Mixture-of-Mamba is an innovative architecture designed to enhance the performance of State Space Models (SSMs) in handling multiple modalities such as text, images, and speech. MoM builds upon the strengths of SSMs, primarily Mamba LLM while addressing their challenges in dealing with diverse data types. This article explores the logic behind SSMs and how MoM can perform efficiently in dealing with multimodal data.
Table of Contents
- Understanding State Space Models (SSMs)
- Deep Dive into Mixture-of-Mamba
- Performance and Efficiency Benchmarks
Understanding State Space Models (SSMs)
State Space Models (SSM), like Transformer and RNN models, process information sequences like text but also signals. They represent a dynamic system in terms of input, output, and state variables. SSMs were originally developed for signal processing but are being used in different domains such as deep learning, genomics, etc.

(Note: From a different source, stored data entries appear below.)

Theorem mainTheorem12 (N : NSA) (B : Type) :
  ~ fin B ->
  confined N B ->
  (forall A : Type, saturated_inside_le N B A) ->
  (forall A : Type, card_le A B -> saturated_inside_le N (B -> bool) A) ->
  (forall B' : Type, card_eq B' B -> card_eq (star N B') ((B -> bool) -> bool)) ->
  (* (i) *)
  (forall beta : star N B -> Prop, internal N beta ->
     (forall b : B, beta (nu N b)) ->
     (forall U : (B -> Prop) -> Prop, ultrafilter U ->
        exists x, beta x /\ forall S, U S -> starsub N S x) /\
     card_eq {x | beta x} ((B -> bool) -> bool)) /\
  (* (ii) *)
  (forall (A : Type) (alpha : star N A -> Prop), internal N alpha ->
     fin {y | alpha y} \/
     ((exists (beta : star N B -> Prop) (f : {x | beta x} -> {y | alpha y}),
         internal N beta /\ (forall b : B, beta (nu N b)) /\
         injective f /\
         internal N (fun z : star N (B * A) =>
            exists x : {x | beta x},
              smap N fst z = proj1_sig x /\ smap N snd z = proj1_sig (f x))) /\
      card_le ((B -> bool) -> bool) {y | alpha y})) /\
  (* (iii) *)
  (forall (A : Type) (SS : (A -> Prop) -> Prop),
     (forall E, SS E -> fin {a | E a}) ->
     forall X : star N (A -> Prop), starsub N SS X ->
       fin {y | members N X y} \/
       card_eq {y | members N X y} ((B -> bool) -> bool)).
Proof.
  intros HB Hconf Hsat Hsat2 Hcard.
  assert (HsatB : saturated_inside_le N (B -> bool) B) by (apply Hsat2, card_le_refl).
  assert (HstarB : card_le (star N B) ((B -> bool) -> bool))
    by (apply card_eq_le, Hcard, card_eq_refl).
  split; [|split].
  - intros beta Ibeta Hbeta. split.
    + apply ultrafilter_realized; auto.
    + apply card_le_antisym; [|apply card_le_internal_std; auto].
      exact (card_le_trans _ _ _ (card_le_proj1_sig beta) HstarB).
  - intros A alpha Ialpha.
    destruct (classic (fin {y | alpha y})) as [F|Hinf]; [left; exact F|right].
    destruct Ialpha as [X HX].
    split; [apply (internal_embedding N B HB A (Hsat _) alpha X HX Hinf)|].
    apply (card_le_internal_infinite N B HB Hsat HsatB); [exists X|]; auto.
  - intros A SS HSS X HX.
    destruct (classic (fin {y | members N X y})) as [F|Hinf]; [left; exact F|right].
    apply card_le_antisym.
    + eapply card_le_trans; [apply (card_le_members_confined N B HB Hconf A SS X)|]; auto.
    + apply (card_le_internal_infinite N B HB Hsat HsatB); auto.
      exists X; intro y; reflexivity.
Qed.
Lemma germ_at_mul g h : src g = rng h ->
  germ_eq G (germ_at (mul g h)) (gmul G (germ_at g) (germ_at h)).
Proof.
move=> gh; rewrite /germ_at /gmul /= -(src_mul gh).
apply: germ_eq_bisections; [exact: bisection_bis_at|..|exact: bis_at_mem|].
  by apply: bisection_bmul; exact: bisection_bis_at.
by exists g, h; split=> //; exact: bis_at_mem.
Qed.

Lemma open_preimage_germ_at W : germ_open G W -> open (germ_at @^-1` W).
Proof.
move=> oW; apply: (open_preimage_gen_open oW).
  have -> : germ_at @^-1` germ_valid G = setT.
    by apply/seteqP; split=> // g _; case: (germ_restr_germ_at g).
  exact: openT.
move=> _ [s [U [bs oU UUe ->]]].
have -> : germ_at @^-1` [set q | germ_valid G q /\ U q.2 /\ germ_eq G q (s, q.2)] =
          s `&` src @^-1` (point_char @^-1` U).
  apply/seteqP; split=> [g [_ [Ug E]]|g [sg Ug]].
    by split=> //; apply/(germ_eq_mem E erefl); exact: bis_at_mem.
  split; first by case: (germ_restr_germ_at g).
  split=> //; apply: germ_eq_bisections => //; first exact: bisection_bis_at.
  exact: bis_at_mem.
apply: openI; first by case/bisectionP: bs.
exact/open_preimage_src/open_preimage_point_char.
Qed.

(* The basic open set of germs of [s], with the largest admissible [U]. *)
Definition germ_nbhd (s : set A) : set (germ A) :=
  [set q | germ_valid G q /\ Ue G (bmul G (bstar G s) s) q.2 /\ germ_eq G q (s, q.2)].

Lemma germ_basic_germ_nbhd s : bisection G s -> germ_basic G (germ_nbhd s).
Proof.
move=> bs; exists s, (Ue G (bmul G (bstar G s) s)); split=> //.
apply/open_Ue; rewrite bmul_bstar_bisection //.
by apply/idem_image_unt/src_open; case/bisectionP: bs.
Qed.

Lemma germ_nbhdP s p : bisection G s -> germ_restr G p ->
  germ_nbhd s p <-> exists2 g, s g & germ_eq G p (germ_at g).
Proof.
move=> bs rp; have [g pg phig] := germ_restr_point_char rp.
case: p rp pg phig => t phi rp /= tg phig; subst phi; have [vp _] := rp.
split=> [[_ [[_ /(point_char_bmul_bstar _ bs) [h sh hg]] /= E]]|[h sh E]].
  exists h => //; apply/(germ_eq_germ_atP _ vp); split; last by rewrite hg.
  exact: (germ_eq_mem E hg).2 sh.
have [/= th phih] := (germ_eq_germ_atP _ vp).1 E.
split=> //; split; last by rewrite phih; exact: germ_eq_bisections (proj1 vp) bs th sh.
rewrite phih; split; first exact: point_char_character.
by apply/point_char_bmul_bstar => //; exists h.
Qed.

Lemma germ_at_open U : open U -> exists W, germ_open G W /\
  forall p, germ_restr G p -> (W p <-> exists g, U g /\ germ_eq G p (germ_at g)).
Proof.
move=> oU.
pose F := [set l | exists2 s, bisection G s /\ s `<=` U & l = [:: germ_nbhd s]].
exists (\bigcup_(l in F) foldr setI (germ_valid G) l); split.
  exists F; split=> // _ [s [bs _] ->] b; rewrite inE => /eqP ->.
  exact: germ_basic_germ_nbhd.
move=> p rp; split=> [[_ [s [bs sU] ->] [/(germ_nbhdP bs rp) [g sg E] _]]|[g [Ug E]]].
  by exists g; split=> //; exact: sU.
have bsU : bisection G (bis_at g `&` U).
  apply: bisection_subset (bisection_bis_at g) _ (@subIsetl _ _ _).
  by apply: openI oU; case/bisectionP: (bisection_bis_at g).
exists [:: germ_nbhd (bis_at g `&` U)].
  by exists (bis_at g `&` U) => //; split=> // h [].
split; last by case: rp.
by apply/(germ_nbhdP bsU rp); exists g => //; split=> //; exact: bis_at_mem.
Qed.

Lemma is_character_phi_e e : irreducible_idem G e -> is_character G (phi_e G e).
Proof.
move=> ie; have [x ->] := irreducible_idem_coclosure Hs ie.
by rewrite phi_e_unit_coclosure; exact: point_char_character.
Qed.

Lemma S_invariant_Xset : S_invariant G (Xset G).
Proof.
move=> s _ bs /(XsetP _ Hs) [x ->] /(point_char_bmul_bstar _ bs) [g sg <-].
by rewrite act_point_char //; apply/(XsetP _ Hs); exists (rng g).
Qed.

Lemma germ_restriction_iso_germ_at : germ_restriction_iso G point_char germ_at.
Proof.
split; first exact: point_char_homeomorphism.
- by split; [exact: germ_restr_germ_at|exact: germ_at_inj|exact: germ_at_surj].
- split=> // [g|]; last exact: germ_at_mul.
  by rewrite /grng act_point_char //; [exact: bisection_bis_at|exact: bis_at_mem].
- by split; [exact: open_preimage_germ_at|exact: germ_at_open].
Qed.

End Sober.

End EtaleGroupoid.

Theorem proposition5p4 (O A : topologicalType) (G : groupoid_data O A) :
  is_top_groupoid G -> etale G -> sober O ->
  [/\ (forall e, irreducible_idem G e -> is_character G (phi_e G e)),
      S_invariant G (Xset G) &
      exists (F0 : O -> (set A -> bool)) (F1 : A -> germ A),
        germ_restriction_iso G F0 F1].
Proof.
move=> HG Het Hs; split.
- exact: is_character_phi_e.
- exact: S_invariant_Xset.
- by exists (point_char G), (germ_at Het); exact: germ_restriction_iso_germ_at.
Qed.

A State Space can mathematically represent a problem by defining a system’s possible states. In machine learning, for instance, State Space can represent data sequences without requiring explicit knowledge of previous data points. SSMs can summarize this past information into a state and use it to predict future states. SSMs are used to describe the state representations and perform predictions of the next state based on input.
Mathematically, in a linear and time-invariant SSM where t is the time – SSM will
- Map an input sequence x(t)
- To a latent state representation h(t)
- And derive the predicted output sequence y(t)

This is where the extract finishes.